[Opening PROVIDED RECORDS section]
(* Let $u_0\in H^s(\mathbb R)$ with $s$ large enough that the quantities below are finite, $T>0$, $c>0$, $\Delta t,\Delta x>0$, $\theta\in[0,\frac12)$ with $\Delta t(1-2\theta)\le\frac{\Delta x^3}{4}$. For every $n\in\{0,\dots,N-1\}$ and every $\gamma\in[0,\frac12)$, $$\begin{aligned}\|\mathcal A_\theta e^{n+1}\|^2_{\ell^2_\Delta}\le{}&\|\mathcal A_\theta e^n\|^2_{\ell^2_\Delta}[1+E_a\Delta t]+\Delta t\|\epsilon^n\|^2_{\ell^2_\Delta}\Big\{1+4\frac{\Delta t}{\Delta x}+\Delta t\Big\}+\Delta t\langle C_b,[D_+(e)^n]^2\rangle\\&+\Delta t^2C_c\|D(e)^n\|^2_{\ell^2_\Delta}+\Delta tC_d\|D_+D_-(e)^n\|^2_{\ell^2_\Delta}+\Delta tC_e\|D_+D(e)^n\|^2_{\ell^2_\Delta},\end{aligned}$$ where, with $U=\|[u_\Delta]^n\|_{\ell^\infty}$, $U_\pm=\|D_\pm([u_\Delta])^n\|_{\ell^\infty}$, $E=\|e^n\|_{\ell^\infty}$, $X=\Delta x^{\frac12-\gamma}+E+9E^2\Delta x^{\gamma-\frac12}$, $\mathbf 1=(1,1,\dots)$: $$E_a=U^2\Big(1+\frac{\Delta t}{\Delta x}\Big)+U_+\Big(7+\frac{\Delta t}{\Delta x}\Big[2c+\frac23E+\frac32U\Big]\Big)+U_+^2\Big[\sqrt2\frac{\sqrt{\Delta t}}{\sqrt{\Delta x}}+\frac{\Delta t^2}{\Delta x^2}\Big]+1+2c^2\frac{\Delta t}{\Delta x},$$ $$C_b=\Big(\frac{\Delta x}{6}D_+(e)^n-c\mathbf 1\Big)(\Delta x-c\Delta t)+(1-\theta)\Delta tU_+\mathbf 1,\qquad C_c=U^2+\Big\{E^2[1+\Delta x]+2EU+\frac{2c}{3}E\Big\}-c^2,$$ $$C_d=\frac{4}{\Delta x^2}\Big\{\Delta t\Big[(1-2\theta)+\frac{(1-\theta)\Delta x^2}{2}\Big[c+\frac X2\Big]+\Delta t(1-\theta)U_++\frac{(1-\theta)\Delta x^2}{4}\Big\{U_++\frac{\Delta x}{2}U_-\Big\}\Big]-\frac{\Delta x^3}{4}\Big\},$$ $$C_e=2(1-\theta)\Delta t\Big\{U+E+\frac X2\Big\}-\frac{4\Delta t}{\Delta x^2}\Big\{(1-2\theta)+\frac{(1-\theta)\Delta x^2}{2}\Big[c+\frac X2\Big]+\Delta t(1-\theta)U_+\Big\}.$$
   Context: KdV equation $\partial_t u+\partial_x(u^2/2)+\partial_x^3u=0$ with datum $u_0$ and exact solution $u$. $t^n=n\Delta t$, $x_j=j\Delta x$, $N=\lfloor T/\Delta t\rfloor$. For sequences: $D_+(a)_j=(a_{j+1}-a_j)/\Delta x$, $D_-(a)_j=(a_j-a_{j-1})/\Delta x$, $D=\frac12(D_++D_-)$; products and powers componentwise; $\langle a,b\rangle=\Delta x\sum_ja_jb_j$, $\|a\|_{\ell^2_\Delta}=\langle a,a\rangle^{1/2}$, $\|a\|_{\ell^\infty}=\sup_j|a_j|$. $\mathcal A_\theta=I+\theta\Delta tD_+D_+D_-$. Scheme with parameters $c,\theta$: $\frac{v^{n+1}_j-v^n_j}{\Delta t}+D(\frac{v^2}{2})^n_j+\theta D_+D_+D_-(v)^{n+1}_j+(1-\theta)D_+D_+D_-(v)^n_j=\frac{c\Delta x}{2}D_+D_-(v)^n_j$, with $v^0_j=\frac1{\Delta x}\int_{x_j}^{x_{j+1}}u_0$. Averaged exact solution $[u_\Delta]^0_j=\frac1{\Delta x}\int_{x_j}^{x_{j+1}}u_0$, $[u_\Delta]^n_j=\frac{1}{\Delta x(\min(t^{n+1},T)-t^n)}\int_{t^n}^{\min(t^{n+1},T)}\int_{x_j}^{x_{j+1}}u\,dy\,ds$ for $n\ge1$. Error $e^n_j=v^n_j-[u_\Delta]^n_j$. Consistency error $\epsilon^n_j=\frac{[u_\Delta]^{n+1}_j-[u_\Delta]^n_j}{\Delta t}+D(\frac{[u_\Delta]^2}{2})^n_j+\theta D_+D_+D_-([u_\Delta])^{n+1}_j+(1-\theta)D_+D_+D_-([u_\Delta])^n_j-\frac{c\Delta x}{2}D_+D_-([u_\Delta])^n_j$. *)

From Stdlib Require Import Reals ZArith.
From Coquelicot Require Import Coquelicot.
Open Scope R_scope.

Definition seqZ := Z -> R.

Definition Dp (dx : R) (a : seqZ) : seqZ := fun j => (a (j + 1)%Z - a j) / dx.
Definition Dm (dx : R) (a : seqZ) : seqZ := fun j => (a j - a (j - 1)%Z) / dx.
Definition Dc (dx : R) (a : seqZ) : seqZ := fun j => (Dp dx a j + Dm dx a j) / 2.

(* sum over Z of a sequence (meaningful when absolutely summable) *)
Definition sumZ (a : seqZ) : R :=
  Series (fun k => a (Z.of_nat k)) + Series (fun k => a (- Z.of_nat (S k))%Z).

Definition summableZ (a : seqZ) : Prop :=
  ex_series (fun k => Rabs (a (Z.of_nat k))) /\
  ex_series (fun k => Rabs (a (- Z.of_nat (S k))%Z)).

Definition innerD (dx : R) (a b : seqZ) : R := dx * sumZ (fun j => a j * b j).
Definition normD (dx : R) (a : seqZ) : R := sqrt (innerD dx a a).

Definition in_l2 (a : seqZ) : Prop := summableZ (fun j => a j ^ 2).
Definition boundedZ (a : seqZ) : Prop := exists M, forall j, Rabs (a j) <= M.
Definition norminf (a : seqZ) : R :=
  real (Lub_Rbar (fun r => exists j, r = Rabs (a j))).

Definition D3 (dx : R) (a : seqZ) : seqZ := Dp dx (Dp dx (Dm dx a)).
Definition Atheta (dx dt th : R) (a : seqZ) : seqZ :=
  fun j => a j + th * dt * D3 dx a j.

(* Classical rendering of H^s(R), s a natural number: f has derivatives up
   to order s, each square integrable over R. *)
Definition Hs (s : nat) (f : R -> R) : Prop :=
  forall k, (k <= s)%nat ->
    (forall x, ex_derive_n f k x) /\
    ex_RInt_gen (fun x => (Derive_n f k x) ^ 2)
      (Rbar_locally m_infty) (Rbar_locally p_infty).

Definition KdV_solution (s : nat) (T : R) (u0 : R -> R) (u : R -> R -> R) : Prop :=
  (forall x, u 0 x = u0 x) /\
  (forall t x, 0 <= t <= T ->
     continuous (fun p : R * R => u (fst p) (snd p)) (t, x)) /\
  (forall t, 0 <= t <= T -> Hs s (u t)) /\
  (forall t x, 0 < t < T ->
     ex_derive (fun s => u s x) t /\
     ex_derive (fun y => u t y ^ 2 / 2) x /\
     ex_derive_n (fun y => u t y) 3 x /\
     Derive (fun s => u s x) t + Derive (fun y => u t y ^ 2 / 2) x
       + Derive_n (fun y => u t y) 3 x = 0).

Definition tgrid (dt : R) (n : nat) : R := INR n * dt.
Definition xgrid (dx : R) (j : Z) : R := IZR j * dx.

Definition Nsteps (T dt : R) : nat := Z.to_nat (Int_part (T / dt)).

Definition avg0 (dx : R) (u0 : R -> R) : seqZ :=
  fun j => RInt u0 (xgrid dx j) (xgrid dx (j + 1)) / dx.

Definition uavg (T dt dx : R) (u0 : R -> R) (u : R -> R -> R) (n : nat) : seqZ :=
  match n with
  | O => avg0 dx u0
  | S _ => fun j =>
      RInt (fun s => RInt (fun y => u s y) (xgrid dx j) (xgrid dx (j + 1)))
           (tgrid dt n) (Rmin (tgrid dt (S n)) T)
      / (dx * (Rmin (tgrid dt (S n)) T - tgrid dt n))
  end.

Definition scheme (dt dx c th : R) (v : nat -> seqZ) : Prop :=
  forall n j,
    (v (S n) j - v n j) / dt + Dc dx (fun i => v n i ^ 2 / 2) j
    + th * D3 dx (v (S n)) j + (1 - th) * D3 dx (v n) j
    = c * dx / 2 * Dp dx (Dm dx (v n)) j.

Definition cons_err (dt dx c th : R) (w : nat -> seqZ) (n : nat) : seqZ :=
  fun j =>
    (w (S n) j - w n j) / dt + Dc dx (fun i => w n i ^ 2 / 2) j
    + th * D3 dx (w (S n)) j + (1 - th) * D3 dx (w n) j
    - c * dx / 2 * Dp dx (Dm dx (w n)) j.

Definition Xc (dx g E : R) : R :=
  Rpower dx (1/2 - g) + E + 9 * E ^ 2 * Rpower dx (g - 1/2).

Definition Ea (dt dx c U Up E : R) : R :=
  U ^ 2 * (1 + dt / dx)
  + Up * (7 + dt / dx * (2 * c + 2/3 * E + 3/2 * U))
  + Up ^ 2 * (sqrt 2 * sqrt dt / sqrt dx + dt ^ 2 / dx ^ 2)
  + 1 + 2 * c ^ 2 * dt / dx.

Definition Cb (dt dx c th Up : R) (e : seqZ) : seqZ :=
  fun j => (dx / 6 * Dp dx e j - c) * (dx - c * dt) + (1 - th) * dt * Up.

Definition Cc (dx c U E : R) : R :=
  U ^ 2 + (E ^ 2 * (1 + dx) + 2 * E * U + 2 * c / 3 * E) - c ^ 2.

Definition Cd (dt dx c th Up Um X : R) : R :=
  4 / dx ^ 2 *
  (dt * ((1 - 2 * th) + (1 - th) * dx ^ 2 / 2 * (c + X / 2)
         + dt * (1 - th) * Up
         + (1 - th) * dx ^ 2 / 4 * (Up + dx / 2 * Um))
   - dx ^ 3 / 4).

Definition Ce (dt dx c th U Up E X : R) : R :=
  2 * (1 - th) * dt * (U + E + X / 2)
  - 4 * dt / dx ^ 2 *
    ((1 - 2 * th) + (1 - th) * dx ^ 2 / 2 * (c + X / 2) + dt * (1 - th) * Up).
[Closing PROVIDED RECORDS section]
(GOAL OF THE EXERCISE): How many of the lines in the records above include the word "xgrid"? State that number alone.

(TASK RESULT): 3